AI Technical Summary

Benefits of technology

The present patent provides methods for imaging and monitoring implanted medical devices within the body. The methods use a near-infrared dye and a fluorescence molecular imaging technique to image the device during placement and at certain working depths. The system can also include a patch with sensors that interact with the device and a computer program that detects and registers the device's position relative to a boundary marker on the skin. The system can also use high-energy intensity light and ultrasound imaging to construct an image of the device and its surrounding tissues. The technical effects include improved non-invasive monitoring of implanted medical devices and improved placement accuracy.

Problems solved by technology

The improper placement or the migration of the PICC lines from the desired position can have adverse effects such as vascular perforation (pierced blood vessel), venous thrombosis (blocked blood vessel), and pericardial tamponade (pressure on the heart), all of which can have fatal consequences.

In addition to PICC migration, the insertion of the PICC can be difficult and often requires multiple adjustments in order for the tip of the catheter to be correctly placed.

However, the methods typically implemented for addressing the monitoring and placement problems of the PICC lines have severe limitations.

However, neonates are particularly at an increased risk from prolonged radiation exposure involved in X-ray imaging, including proclivity to develop lymphoma and other forms of cancer at a later stage of their life.

However, the PICC line may migrate between two such monitoring events, thereby causing serious complications.

While ultrasound is useful in PICC line placement, it has limited utility in monitoring the implanted PICC line because the catheter is not easily visualized in ultrasound.

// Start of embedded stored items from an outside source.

(* Let $S$ be an intra-regular semigroup. Then every proper interior ideal $P$ of $S$ is semiprime, i.e. for every interior ideal $A$ of $S$, $A^{2}\subseteq P$ implies $A\subseteq P$.
   Context: A semigroup $S$ is intra-regular if $a\in Sa^{2}S$ for every $a\in S$. A subsemigroup $I$ of $S$ (non-empty with $II\subseteq I$) is an interior ideal if $SIS\subseteq I$. For a subset $A$, $A^{2}=AA=\{ab:a,b\in A\}$. *)

Definition associative {T : Type} (mul : T -> T -> T) : Prop :=
  forall a b c : T, mul a (mul b c) = mul (mul a b) c.

Definition intra_regular {T : Type} (mul : T -> T -> T) : Prop :=
  forall a : T, exists x y : T, a = mul (mul x (mul a a)) y.

Definition subsemigroup {T : Type} (mul : T -> T -> T) (I : T -> Prop) : Prop :=
  (exists a, I a) /\ (forall a b, I a -> I b -> I (mul a b)).

Definition interior_ideal {T : Type} (mul : T -> T -> T) (I : T -> Prop) : Prop :=
  subsemigroup mul I /\ (forall s a t, I a -> I (mul (mul s a) t)).

Definition proper {T : Type} (P : T -> Prop) : Prop := exists x, ~ P x.

Definition sq_subset {T : Type} (mul : T -> T -> T) (A P : T -> Prop) : Prop :=
  forall a b, A a -> A b -> P (mul a b).

Definition subset {T : Type} (A P : T -> Prop) : Prop := forall a, A a -> P a.

Definition semiprime {T : Type} (mul : T -> T -> T) (P : T -> Prop) : Prop :=
  forall A, interior_ideal mul A -> sq_subset mul A P -> subset A P.


Lemma intra_regular_sq_subset_subset {T : Type} (mul : T -> T -> T)
  (Hir : intra_regular mul) (P : T -> Prop)
  (HSPS : forall s a t, P a -> P (mul (mul s a) t)) (A : T -> Prop) :
  sq_subset mul A P -> subset A P.
Proof.
  intros HA2 a Ha.
  destruct (Hir a) as [x [y ->]].
  apply HSPS, HA2; exact Ha.
Qed.

Lemma interior_ideal_semiprime {T : Type} (mul : T -> T -> T)
  (Hir : intra_regular mul) (P : T -> Prop) :
  interior_ideal mul P -> semiprime mul P.
Proof.
  intros [_ HSPS] A _.
  exact (intra_regular_sq_subset_subset mul Hir P HSPS A).
Qed.

Theorem mainTheorem6 (T : Type) (mul : T -> T -> T) (Hassoc : associative mul)
  (Hir : intra_regular mul) (P : T -> Prop)
  (HP : interior_ideal mul P) (Hproper : proper P) :
  semiprime mul P.
Proof.
  exact (interior_ideal_semiprime mul Hir P HP).
Qed.
Lemma preimset_in_image (aT rT : finType) (f : aT -> rT) (Z : {set rT}) (W : {set aT}) :
  injective f -> Z \subset f @: W ->
  [/\ f @: (f @^-1: Z) = Z, f @^-1: Z \subset W & #|f @^-1: Z| = #|Z|].
Proof.
move=> f_inj sZ.
have preimK : f @: (f @^-1: Z) = Z.
  apply/setP => z; apply/idP/idP => [/imsetP [c]|Zz].
    by rewrite inE => Zc ->.
  by have /imsetP [c _ eq_z] := subsetP sZ z Zz; rewrite eq_z imset_f // inE -eq_z.
split => //; last by rewrite -{2}preimK card_imset.
apply/subsetP => c; rewrite inE => /(subsetP sZ).
by rewrite (mem_imset _ _ f_inj).
Qed.

(* Selecting a set of columns is right multiplication by a matrix of full
   column rank whose kernel is spanned by the unit vectors of the other
   columns. *)
Section ColumnSelection.
Variables (F : fieldType) (q : nat) (C : {set 'I_q}).
Local Open Scope ring_scope.

Definition colsel : 'M[F]_(q, #|C|) := colsub (fun k => enum_val k) 1%:M.

Lemma mul_colsel m (A : 'M[F]_(m, q)) :
  A *m colsel = colsub (fun k => enum_val k) A.
Proof. by rewrite mulmx_colsub mulmx1. Qed.

Lemma rank_colsel : \rank colsel = #|C|.
Proof.
have colsel_orth : colsel^T *m colsel = 1%:M.
  rewrite /colsel trmx_mxsub trmx1 -mxsub_mul mulmx1.
  by apply/matrixP => a b; rewrite !mxE (inj_eq enum_val_inj).
apply/eqP; rewrite eqn_leq rank_leq_col /=.
by rewrite -{1}(mxrank1 F #|C|) -colsel_orth mxrankM_maxr.
Qed.

Lemma delta_colsel (j : 'I_q) : j \notin C -> (delta_mx 0 j : 'rV[F]_q) *m colsel = 0.
Proof.
move=> notCj; rewrite mul_colsel; apply/matrixP => a b; rewrite !mxE.
have neq_j : enum_val b != j by apply: contraNneq notCj => <-; apply: enum_valP.
by rewrite (negbTE neq_j) andbF.
Qed.

(* Every vector killed by colsel vanishes on C, so it is a combination of
   the unit vectors outside C. *)
Lemma kermx_colsel :
  (kermx colsel <= \sum_(j in ~: C) <<delta_mx 0 j : 'rV[F]_q>>)%MS.
Proof.
apply/row_subP => a; set u := row a _.
have u_ker : u *m colsel = 0 by rewrite /u -row_mul mulmx_ker row0.
rewrite (row_sum_delta u); apply: summx_sub => c _.
have [Cc|notCc] := boolP (c \in C).
  have : (u *m colsel) 0 (enum_rank_in Cc c) = 0 by rewrite u_ker mxE.
  by rewrite mul_colsel mxE enum_rankK_in // => ->; rewrite scale0r sub0mx.
by apply/scalemx_sub/(sumsmx_sup c); rewrite ?inE ?genmxE.
Qed.
End ColumnSelection.

Section LinearMatroid.
Variables (F : fieldType) (p q : nat) (G : 'M[F]_(p, q)).
Local Open Scope ring_scope.

Definition vec (x : 'I_p + 'I_q) : 'rV[F]_q :=
  match x with inl i => row i G | inr j => delta_mx 0 j end.

Definition span_of (X : {set 'I_p + 'I_q}) : 'M[F]_q :=
  (\sum_(x in X) <<vec x>>)%MS.

Definition rk (X : {set 'I_p + 'I_q}) : nat := \rank (span_of X).

Lemma vec_span (X : {set 'I_p + 'I_q}) x : x \in X -> (vec x <= span_of X)%MS.
Proof. by move=> Xx; apply: (sumsmx_sup x) => //; rewrite genmxE. Qed.

Lemma span_ofS (X Y : {set 'I_p + 'I_q}) : X \subset Y -> (span_of X <= span_of Y)%MS.
Proof.
move=> sXY; apply/sumsmx_subP => x Xx; rewrite genmxE.
exact/vec_span/(subsetP sXY).
Qed.

Lemma rk_mono (X Y : {set 'I_p + 'I_q}) : X \subset Y -> (rk X <= rk Y)%N.
Proof. by move=> sXY; apply/mxrankS/span_ofS. Qed.

(* Submodularity, from the dimension formula for a sum of subspaces. *)
Lemma rk_submod (X Y : {set 'I_p + 'I_q}) : (rk (X :|: Y) + rk (X :&: Y) <= rk X + rk Y)%N.
Proof.
rewrite -[(rk X + rk Y)%N]mxrank_sum_cap leq_add //; apply: mxrankS.
  rewrite [span_of (X :|: Y)]/span_of.
  apply/sumsmx_subP => x; rewrite inE genmxE => /orP [] XYx.
    by apply: submx_trans (addsmxSl _ _); apply: vec_span.
  by apply: submx_trans (addsmxSr _ _); apply: vec_span.
by rewrite sub_capmx !span_ofS ?subsetIl ?subsetIr.
Qed.

Lemma rk_card (X : {set 'I_p + 'I_q}) : (rk X <= #|X|)%N.
Proof.
rewrite /rk /span_of -sum1_card.
elim/big_rec2: _ => [|x a A _ IH]; first by rewrite mxrank0.
apply: leq_trans (mxrank_adds_leqif _ _) _.
by rewrite leq_add // genmxE rank_leq_row.
Qed.

(* The rank of the rows R together with the columns D: the unit vectors of
   D contribute #|D|, and modulo their span the rows of R reduce to the
   submatrix G(R, ~: D). *)
Lemma rk_rows_cols (R : {set 'I_p}) (D : {set 'I_q}) :
  rk (rows_cols R D) = (#|D| + \rank (submatrix G R (~: D)))%N.
Proof.
rewrite /rk; set W := span_of _; set P := colsel F (~: D).
set V := rowsub (fun k : 'I_#|R| => enum_val k) G.
have subV : submatrix G R (~: D) = V *m P by rewrite mul_colsel /submatrix mxsubcr.
have V_W : (V <= W)%MS.
  apply/row_subP => k; rewrite row_rowsub.
  by apply: (vec_span (x := inl _)); rewrite mem_rows_cols_l enum_valP.
have ker_W : (kermx P <= W)%MS.
  apply: submx_trans (kermx_colsel _ _) _; apply/sumsmx_subP => j.
  rewrite setCK genmxE => Dj.
  by apply: (vec_span (x := inr _)); rewrite mem_rows_cols_r.
have W_V : (W <= V + kermx P)%MS.
  apply/sumsmx_subP => -[i|j]; rewrite genmxE.
    rewrite mem_rows_cols_l => Ri; apply: submx_trans (addsmxSl _ _).
    by rewrite /= -(enum_rankK_in Ri Ri) -(row_rowsub _ G) row_sub.
  rewrite mem_rows_cols_r => Dj; apply: submx_trans (addsmxSr _ _).
  by rewrite sub_kermx delta_colsel // inE Dj.
have rank_WP : \rank (W *m P) = \rank (V *m P).
  apply/eqP; rewrite eqn_leq (mxrankS (submxMr P V_W)) andbT mxrankS //.
  apply: submx_trans (submxMr P W_V) _.
  by rewrite addsmxMr addsmx_sub submx_refl mulmx_ker sub0mx.
rewrite -(mxrank_mul_ker W P) (capmx_idPr ker_W) mxrank_ker.
rewrite rank_colsel rank_WP -subV; have := cardsC D; rewrite card_ord; lia.
Qed.
End LinearMatroid.

Section Partition.
Variables (K U : finType) (T : K -> {set U}).
Hypothesis T_disj : forall j k : K, j != k -> [disjoint T j & T k].
Hypothesis T_cover : \bigcup_k T k = [set: U].

Lemma block_uniq c j k : c \in T j -> c \in T k -> j = k.
Proof.
move=> Tjc Tkc; apply/eqP/negPn/negP => /T_disj/disjointFr/(_ Tjc).
by rewrite Tkc.
Qed.

Lemma block_ex c : exists k, c \in T k.
Proof.
have : c \in \bigcup_k T k by rewrite T_cover inE.
by case/bigcupP => k _ Tkc; exists k.
Qed.

Lemma setC_bigcup_blocks (L : {set K}) :
  ~: (\bigcup_(k in L) T k) = \bigcup_(k in ~: L) T k.
Proof.
apply/setP => c; rewrite inE; have [k0 Tk0c] := block_ex c.
apply/idP/bigcupP => [notLc|[k]].
  by exists k0 => //; rewrite inE; apply: contra notLc => Lk0; apply/bigcupP; exists k0.
rewrite inE => notLk Tkc; apply/bigcupP => -[j Lj Tjc].
by move: notLk; rewrite (block_uniq Tkc Tjc) Lj.
Qed.

Lemma setC_bigcup_sub (V : K -> {set U}) : (forall k, V k \subset T k) ->
  ~: (\bigcup_k V k) = \bigcup_k (T k :\: V k).
Proof.
move=> VT; apply/setP => c; rewrite inE; have [k0 Tk0c] := block_ex c.
apply/idP/bigcupP => [notVc|[k _]].
  exists k0 => //; rewrite !inE Tk0c andbT.
  by apply: contra notVc => Vk0c; apply/bigcupP; exists k0.
rewrite inE => /andP [notVkc Tkc]; apply/bigcupP => -[j _ Vjc].
by move: notVkc; rewrite (block_uniq Tkc (subsetP (VT j) _ Vjc)) Vjc.
Qed.
End Partition.

Section RankSelection.
Variables (F : fieldType) (p q m n : nat) (G : 'M[F]_(p, q)).
Variables (S : 'I_m -> {set 'I_p}) (T : 'I_n -> {set 'I_q}).
Hypothesis S_disj : forall i j : 'I_m, i != j -> [disjoint S i & S j].
Hypothesis T_disj : forall j k : 'I_n, j != k -> [disjoint T j & T k].
Hypothesis T_cover : \bigcup_(j < n) T j = [set: 'I_q].
Variables (s : 'I_m -> nat) (t : 'I_n -> nat).
Hypothesis t_le : forall j : 'I_n, t j <= #|T j|.

Definition block_rank (I : {set 'I_m}) (K : {set 'I_n}) : nat :=
  \rank (submatrix G (\bigcup_(i in I) S i) (\bigcup_(k in K) T k)).

(* The rank condition of the theorem, with the subtraction moved across. *)
Definition rank_condition : Prop :=
  forall (I : {set 'I_m}) (K : {set 'I_n}),
    \sum_(i in I) s i + \sum_(k in K) t k <= block_rank I K + \sum_j t j.

(* Choosing t j columns in T j is choosing the #|T j| - t j others. *)
Lemma sum_cosize (L : {set 'I_n}) :
  \sum_(j in L) (#|T j| - t j) + \sum_(j in L) t j = \sum_(j in L) #|T j|.
Proof. by rewrite -big_split /=; apply: eq_bigr => j _; rewrite subnK. Qed.

Lemma rk_blocks (I : {set 'I_m}) (L : {set 'I_n}) :
  rk G (rows_cols (\bigcup_(i in I) S i) (\bigcup_(j in L) T j))
  = \sum_(j in L) #|T j| + block_rank I (~: L).
Proof.
by rewrite rk_rows_cols (card_bigcup_disjoint _ T_disj) (setC_bigcup_blocks T_disj).
Qed.

(* Necessity: the chosen rows of the I-blocks, together with the unchosen
   columns of the blocks outside K, form an independent set (a subset of
   the independent set of all chosen rows and unchosen columns), whose
   rank is bounded by that of the I-blocks and the blocks outside K. *)
Lemma rank_condition_necessary (ss : 'I_m -> {set 'I_p}) (tt : 'I_n -> {set 'I_q}) :
  (forall i, ss i \subset S i /\ #|ss i| = s i) ->
  (forall j, tt j \subset T j /\ #|tt j| = t j) ->
  \rank (submatrix G (\bigcup_(i < m) ss i) (\bigcup_(j < n) tt j)) = \sum_(i < m) s i ->
  rank_condition.
Proof.
move=> ss_spec tt_spec rank_sel I K.
have ttT j : tt j \subset T j by case: (tt_spec j).
set R := \bigcup_i ss i; set C := \bigcup_j tt j.
set X := rows_cols R (~: C).
have indepX : #|X| <= rk G X.
  rewrite rk_rows_cols setCK rank_sel card_rows_cols addnC leq_add2l.
  apply: leq_trans (card_bigcup_le _ _) _.
  by rewrite (eq_bigr s) // => i _; case: (ss_spec i).
set Y := rows_cols (\bigcup_(i in I) ss i) (\bigcup_(j in ~: K) (T j :\: tt j)).
have indepY : #|Y| <= rk G Y.
  apply: (@indep_subset _ (rk G) (rk_submod G) (rk_card G) X) indepX.
  rewrite /X (setC_bigcup_sub T_disj T_cover ttT) rows_colsS //.
    by apply/bigcupsP => i _; rewrite /R (bigcup_sup i).
  by apply/bigcupsP => j _; rewrite (bigcup_sup j).
have card_Y : #|Y| = \sum_(i in I) s i + \sum_(j in ~: K) (#|T j| - t j).
  rewrite card_rows_cols !card_bigcup_disjoint.
  - congr (_ + _); apply: eq_bigr => j _; first by case: (ss_spec j).
    by case: (tt_spec j) => sub <-; rewrite cardsDS.
  - move=> j k /T_disj; apply: disjointW; exact: subsetDl.
  move=> i j /S_disj; apply: disjointW; [exact: (ss_spec i).1|exact: (ss_spec j).1].
have sub_Y : Y \subset rows_cols (\bigcup_(i in I) S i) (\bigcup_(j in ~: K) T j).
  rewrite rows_colsS //; apply/bigcupsP => i Ii.
    by apply: subset_trans (ss_spec i).1 (bigcup_sup _ Ii).
  by apply: subset_trans (subsetDl _ _) (bigcup_sup _ Ii).
have := leq_trans indepY (rk_mono G sub_Y); rewrite rk_blocks setCK card_Y.
have split_t : \sum_j t j = \sum_(k in K) t k + \sum_(j in ~: K) t j.
  exact: sum_setC.
have := sum_cosize (~: K); lia.
Qed.

(* The demands of the transversal problem on the blocks S i and T j: s i
   rows in S i and #|T j| - t j columns in T j (the columns left out of
   the selection). *)
Definition demand (k : 'I_m + 'I_n) : nat :=
  match k with inl i => s i | inr j => #|T j| - t j end.

Lemma rado_condition_blocks : rank_condition ->
  forall J : {set 'I_m + 'I_n}, \sum_(k in J) demand k <= rk G (\bigcup_(k in J) blocks S T k).
Proof.
move=> cond J.
pose I : {set 'I_m} := [set i | inl i \in J].
pose L : {set 'I_n} := [set j | inr j \in J].
have sum_J : \sum_(k in J) demand k = \sum_(i in I) s i + \sum_(j in L) (#|T j| - t j).
  exact: sum_sumType.
have cup_J : \bigcup_(k in J) blocks S T k
    = rows_cols (\bigcup_(i in I) S i) (\bigcup_(j in L) T j).
  exact: bigcup_rows_cols.
have split_t : \sum_j t j = \sum_(k in ~: L) t k + \sum_(j in L) t j.
  by rewrite (sum_setC t (~: L)) setCK.
rewrite sum_J cup_J rk_blocks; have := cond I (~: L); have := sum_cosize L; lia.
Qed.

In neonates, trans-illumination with visible light is commonly used to guide PICC line insertion, but this method also has limitations in optimally visualizing the vasculature.

A PICC line cannot be visualized using trans-illumination as visible light has limited penetration in the human body.

Due to these reasons, trans-illumination cannot be used as a viable technique for periodic monitoring of the implanted PICC lines.

The method does not provide a physician with the much-needed visual image of the tip and the surrounding vasculature.

Children and neonatal babies have small body sizes and thus are not ideal candidates on whom this method can be implemented.

The method also does not help with monitoring after implantation.

This method in its current form also cannot assist with monitoring due to limited penetration of visible light into the human tissue.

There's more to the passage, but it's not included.